New evidence suggests the greatest writer in the English language smoked weed. The drug may even have inspired some of his best works.
Years ago scientists found broken smoking pipes in a garden attached to William Shakespeare’s old home in Stratford Upon Avon, England. The pipes were dated to the Shakespearean era, and researchers quickly discovered marijuana and cocaine residue on two of them.
Now the number with cannabis leavings has grown to four. There is no conclusive evidence the pipes belonged to Shakespeare himself, but it’s hard to draw any other conclusion. Some observers doubt the new findings, saying the pipes could have belonged to almost anyone. But that’s not quite true.
Marijuana and coca leaves would have been extremely hard to come by in Shakespeare’s time, though they were known to Western Europeans. Weed wasn’t widely available in Europe until the early 19th century. And the coca plant was introduced to the Old World only after the conquest of South America in the 1500s.
Shakespeare had international links
In other words, only a man with serious international connections could get his hands on these drugs. Shakespeare definitely qualified, as he had numerous friends outside the British Isles and often set his plays abroad.
Francis Thackery, an anthropologist who works in South Africa, said researchers studied the pipes “using a sophisticated technique called gas chromatography mass spectrometry.”
This new examination of the pipes concludes that all of them hold evidence of cannabis smoking. But neither of the additional pipes holds cocaine residue.
The coca plant is found only in South and Central America, where it grows naturally in tropical mountain settings. The drug cocaine was first extracted from the plant centuries after Shakespeare’s death, but users in his time could have chewed or smoked the leaves whole.
That would be less intoxicating than cocaine hydrochloride or base, the two most commonly used derivatives of coca. Shakespeare probably got more of a buzz off the weed.
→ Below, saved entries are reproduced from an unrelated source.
(* Let $\mathcal{A}$ be a unital $*$-algebra (a unital $*$-subalgebra of $\mathcal{B}(\mathbf{h})$ for a Hilbert space $\mathbf{h}$), let $\mathcal{L}:\mathcal{A}\to\mathcal{A}$ be a conditionally completely positive map with $\mathcal{L}(1)=0$, and let $(M,\pi,\delta)$ be its canonical pre-Hilbert $\mathcal{A}$-$\mathcal{A}$ bimodule, left-action $*$-representation $\pi:\mathcal{A}\to\mathcal{B}^a(M)$ and bimodule derivation $\delta:\mathcal{A}\to M$, as described in the context. Let $E_{\mathcal{L}}=\mathcal{B}^a(\mathcal{A}\oplus M)$ with the $\mathcal{A}$-$\mathcal{A}$ bimodule structure $x.R=\tilde\pi(x)R$, $R.x=R\tilde\pi(x)$, where $\tilde\pi(x)=x\oplus\pi(x)$. If the second Hochschild cohomology $H^2(\mathcal{A},E_{\mathcal{L}})$ vanishes, then there exists a $*$-homomorphism $\beta:\mathcal{A}\to E_{\mathcal{L}}[[t]]$ which, writing $h=t^2$ (so $h^{\frac{2n-1}{2}}=t^{2n-1}$) and $$\beta(x)=\begin{pmatrix}\beta_{00}(h)(x) & \beta_{01}(h)(x)\\ \beta_{10}(h)(x) & \beta_{11}(h)(x)\end{pmatrix}$$ in the matrix decomposition of $E_{\mathcal{L}}$, has the form - $\beta_{00}(h)=\sum_{n\ge 0}h^n\theta_{00}^{(n)}$ with $\theta_{00}^{(0)}(x)=x$ and $\theta_{00}^{(1)}(x)=\mathcal{L}(x)$, - $\beta_{10}(h)=\sum_{n\ge 1}h^{\frac{2n-1}{2}}\theta_{10}^{(n)}$ with $\theta_{10}^{(1)}(x)=\delta(x)$, - $\beta_{01}(h)=\sum_{n\ge 1}h^{\frac{2n-1}{2}}\theta_{01}^{(n)}$ with $\theta_{01}^{(1)}(x)=\delta^\dagger(x)$, - $\beta_{11}(h)=\sum_{n\ge 1}h^{n-1}\theta_{11}^{(n)}$ with $\theta_{11}^{(1)}(x)=\pi(x)$, for some linear maps $\theta_{\mu\nu}^{(n)}$ on $\mathcal{A}$.
   Context: A linear map $\mathcal{L}$ on $\mathcal{A}$ with $\mathcal{L}(1)=0$ that is conditionally completely positive admits a canonical (unique up to isomorphism) pre-Hilbert $\mathcal{A}$-$\mathcal{A}$ bimodule $M$ with $\mathcal{A}$-valued inner product $\langle\cdot,\cdot\rangle$, whose left action is given by a $*$-representation $\pi$ of $\mathcal{A}$ into the algebra $\mathcal{B}^a(M)$ of adjointable maps on $M$, together with a bimodule derivation $\delta:\mathcal{A}\to M$ (i.e. $\delta(xy)=\pi(x)\delta(y)+\delta(x)y$) such that $M$ is the right $\mathcal{A}$-linear span of $\delta(\mathcal{A})$ and $\mathcal{L}(xy)-x\mathcal{L}(y)-\mathcal{L}(x)y=\delta^\dagger(x)\delta(y)$ for all $x,y\in\mathcal{A}$. Here for a linear map $\psi$, $\psi^\dagger(x):=(\psi(x^* ))^*$, and an element $\xi\in M$ is identified with the adjoint map $\xi^*=\langle\xi|:M\to\mathcal{A}$, $\eta\mapsto\langle\xi,\eta\rangle$; $M^*=\{\xi^*:\xi\in M\}$. The $*$-algebra $E_{\mathcal{L}}=\mathcal{B}^a(\mathcal{A}\oplus M)$ (product = composition, $*$ = adjoint) is the direct sum of the complemented submodules $\mathcal{A}$, $M^*$, $M$, $\mathcal{B}^a(M)$, and each $X\in E_{\mathcal{L}}$ is written as a $2\times 2$ matrix whose $(0,0)$ entry lies in $\mathcal{A}$, $(0,1)$ entry in $M^*$, $(1,0)$ entry in $M$, and $(1,1)$ entry in $\mathcal{B}^a(M)$. $H^n(\mathcal{A},N)$ is the Hochschild cohomology of $\mathcal{A}$ with coefficients in the bimodule $N$: the cohomology of the complex $C^0=N$, $C^n$ = multilinear maps $\mathcal{A}^n\to N$, with the standard Hochschild coboundary $bf(a_1,\dots,a_{n+1})=a_1f(a_2,\dots,a_{n+1})+\sum_{i=1}^{n}(-1)^i f(a_1,\dots,a_ia_{i+1},\dots,a_{n+1})+(-1)^{n+1}f(a_1,\dots,a_n)a_{n+1}$. For a $*$-algebra $\mathcal{C}$, $\mathcal{C}[[t]]$ denotes the $*$-algebra of formal power series in one indeterminate $t$ with coefficients in $\mathcal{C}$; a $*$-homomorphism $\beta:\mathcal{A}\to E_{\mathcal{L}}[[t]]$ means $\beta(xy)=\beta(x)\beta(y)$ and $\beta(x^* )=\beta(x)^*$. *)

From HB Require Import structures.
From mathcomp Require Import all_boot all_order all_algebra.
From mathcomp Require Import complex.
From mathcomp Require Import reals.
Set Implicit Arguments. Unset Strict Implicit. Unset Printing Implicit Defensive.
Import Order.TTheory GRing.Theory Num.Theory.
Local Open Scope ring_scope.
In any case, the new evidence suggests he preferred cannabis to coke.
“Shakespeare may have been aware of the deleterious effects of cocaine as a strange compound,” Thackeray writes. “Possibly, he preferred cannabis as a weed with mind-stimulating properties.”
That choice wouldn’t be unusual even today. Many drug users say they get more mileage out of pot than any other substance, legal or otherwise. And marijuana is more closely linked to creativity – a benefit that may have appealed to the Bard.
Weed reference in Bard’s works
Shakespeare may even have squeezed cannabis into his writing. Thackeray points to Sonnet 76: “Why with the time do I not glance aside / To new-found methods, and to compounds strange? / Why write I still all one, ever the same, / And keep invention in a noted weed . . .”
Thackeray says the poem could be a reference to the drug we still call “weed.”
“This can be interpreted to mean that Shakespeare was willing to use ‘weed’ (cannabis as a kind of tobacco) for creative writing (‘invention’),” Thackeray writes.
There is little evidence that “weed” was used to mean marijuana until the late 1920s, when an academic journal declared it a “new word.” That said, it’s entirely possible that the few people who knew of cannabis in Shakespeare’s time also called it a “weed,” if only because, biologically speaking, that’s essentially what it is.